[ppml] Policy Proposal 2005-9: 4-Byte AS Number
Rich Emmings
rich at nic.umass.edu
Wed Dec 21 15:21:34 EST 2005
On Wed, 21 Dec 2005, Owen DeLong wrote:
>
>>
>> IP addresses in aggregate express a hierarchy. AS numbers do not.
>>
> Or at least do not yet.
>
I'll hope not, pending a *real* good reason.
>
>> 2 byte ASN's 0 - 65535 unsigned, and 4 byte are 65536-4294967295. ASN
>> 1,000,000 would mean the AS space has grown an additional ~15 times the
>> existing space.
>>
> Not quite. 16 bit ASNs are 0-65535 unsigned. 32 bit ASNs are 0-4294967295
> also unsigned. 32 bit ASNs which overlap the same integer space as the
> 16 bit ASNs are equivalent and all 32 bit ASN software is required to
> support 16 bit representations thereof.
>
Point conceded: the low range can be 16 or 32 bit, and the high only 32.

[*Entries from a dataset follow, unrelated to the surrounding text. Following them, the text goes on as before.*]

(* Let $(G,\sigma)$ be a finite connected signed graph and $p>1$. Then the first (smallest) nonzero eigenvalue $\lambda_p^\sigma$ of the signed $p$-Laplacian $\Delta_p^\sigma$ satisfies \[ \lambda_{p}^{\sigma}\geq\frac{1}{2}\left(\frac{2}{p\cdot \mathrm{vol}(G)}\right)^{p}, \] where $\mathrm{vol}(G)=\sum_{x\in V}d_x$.
   Context: $G=(V,E)$ is a finite simple connected graph with degrees $d_x$; $\sigma:E\to\{\pm1\}$, $\sigma_{xy}=\sigma(\{x,y\})$. For $p>1$, $\Delta_{p}^{\sigma}f(x)=\frac{1}{d_{x}}\sum_{y\sim x}|\sigma_{xy}f(y)-f(x)|^{p-2}(\sigma_{xy}f(y)-f(x))$ (with $|t|^{p-2}t=0$ at $t=0$). A real $\lambda$ is an eigenvalue of $\Delta_p^\sigma$ if there is a nonzero $f$ with $-\Delta_{p}^{\sigma}f(x)=\lambda|f(x)|^{p-2}f(x)$ for all $x\in V$. *)

From HB Require Import structures.
From mathcomp Require Import all_boot all_order all_algebra.
From mathcomp Require Import all_classical all_reals.
From mathcomp Require Import exp.
Set Implicit Arguments. Unset Strict Implicit. Unset Printing Implicit Defensive.
Import Order.TTheory GRing.Theory Num.Theory.
Local Open Scope ring_scope.

Definition simple_graph (T : finType) (e : rel T) : Prop :=
  symmetric e /\ irreflexive e.

Definition connected_graph (T : finType) (e : rel T) : Prop :=
  forall x y : T, connect e x y.

(* A signature sigma : E -> {+1,-1}, encoded as a function on pairs
   which is symmetric and +-1 valued on edges (its values off edges are
   irrelevant). *)
Definition signature (T : finType) (R : numDomainType) (e : rel T)
  (sigma : T -> T -> R) : Prop :=
  forall x y, e x y -> sigma x y = sigma y x /\ (sigma x y = 1 \/ sigma x y = -1).

Definition deg (T : finType) (e : rel T) (x : T) : nat := #|[set y | e x y]|.

Definition vol (R : numDomainType) (T : finType) (e : rel T) : R :=
  \sum_(x : T) (deg e x)%:R.

Definition phip (R : realType) (p : R) (t : R) : R :=
  if t == 0 then 0 else powR `|t| (p - 2) * t.

Definition signed_pLap (R : realType) (T : finType) (e : rel T)
  (sigma : T -> T -> R) (p : R) (f : T -> R) (x : T) : R :=
  (deg e x)%:R^-1 * \sum_(y : T | e x y) phip p (sigma x y * f y - f x).

Definition is_eigenvalue (R : realType) (T : finType) (e : rel T)
  (sigma : T -> T -> R) (p : R) (lambda : R) : Prop :=
  exists f : T -> R, (exists x, f x != 0) /\
    forall x, - signed_pLap e sigma p f x = lambda * phip p (f x).

From HB Require Import structures.
From mathcomp Require Import all_boot all_order all_algebra.
From mathcomp Require Import all_classical all_reals.
From mathcomp Require Import interval_inference exp convex hoelder.
From mathcomp Require Import ring lra.
Set Implicit Arguments.
Unset Strict Implicit.
Unset Printing Implicit Defensive.
Import Order.TTheory GRing.Theory Num.Theory.
Local Open Scope ring_scope.

(* Normalise an eigenfunction f for lambda != 0 so that f x0 = max |f| > 0.
   Green's formula gives 2 lambda sum_x d_x |f x|^p = sum over the darts (x, y)
   of |sigma_xy f y - f x|^p, so lambda > 0 and the left-hand side is at most
   2 lambda vol f(x0)^p.  If some simple path from x0 ends at a vertex z with
   sigma(path) f z <= 0, the triangle inequality along the path, traversed in
   both directions, gives 2 f x0 <= sum of |sigma_xy f y - f x| over at most vol
   darts, and the power mean inequality turns this into
   (2 f x0)^p <= vol^(p-1) 2 lambda vol f(x0)^p, i.e. lambda >= (2/vol)^p / 2,
   which is stronger than the claim.  Otherwise the sign of f at every vertex is
   the sign of every simple path from x0 to it, so x |-> sg (f x) switches sigma
   to the all-positive signature.  The switched flux
   sum_x sg (f x) sum_(y ~ x) |sigma_xy f y - f x|^(p-2) (sigma_xy f y - f x)
   then vanishes by antisymmetry, whereas the eigenvalue equation makes it
   -lambda sum_x d_x |f x|^(p-1) != 0. *)

Section PowerMean.
Variable R : realType.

When all systems are 32 bit, then it doesn't matter.
(Problem is if a 32 Bit number gets stuffed into a 16 bit data bucket and
does something strange, but that's a problem for the routing code
programmers to not screw up.)
>
> How many 7 digit phone numbers have you seen without separators?
> Most I've seen are either XX-XX-XXX or XXX-XXXX.
>
I'll wager when you recall a phone number, you just rattle off all 7 digits,
and don't recall or vocalize the delimiters that are commonly used in
writing. If it's written down, I'd guess that old fashion , or . delimiters
depending on the side of the ocean you're on, will work for human representation.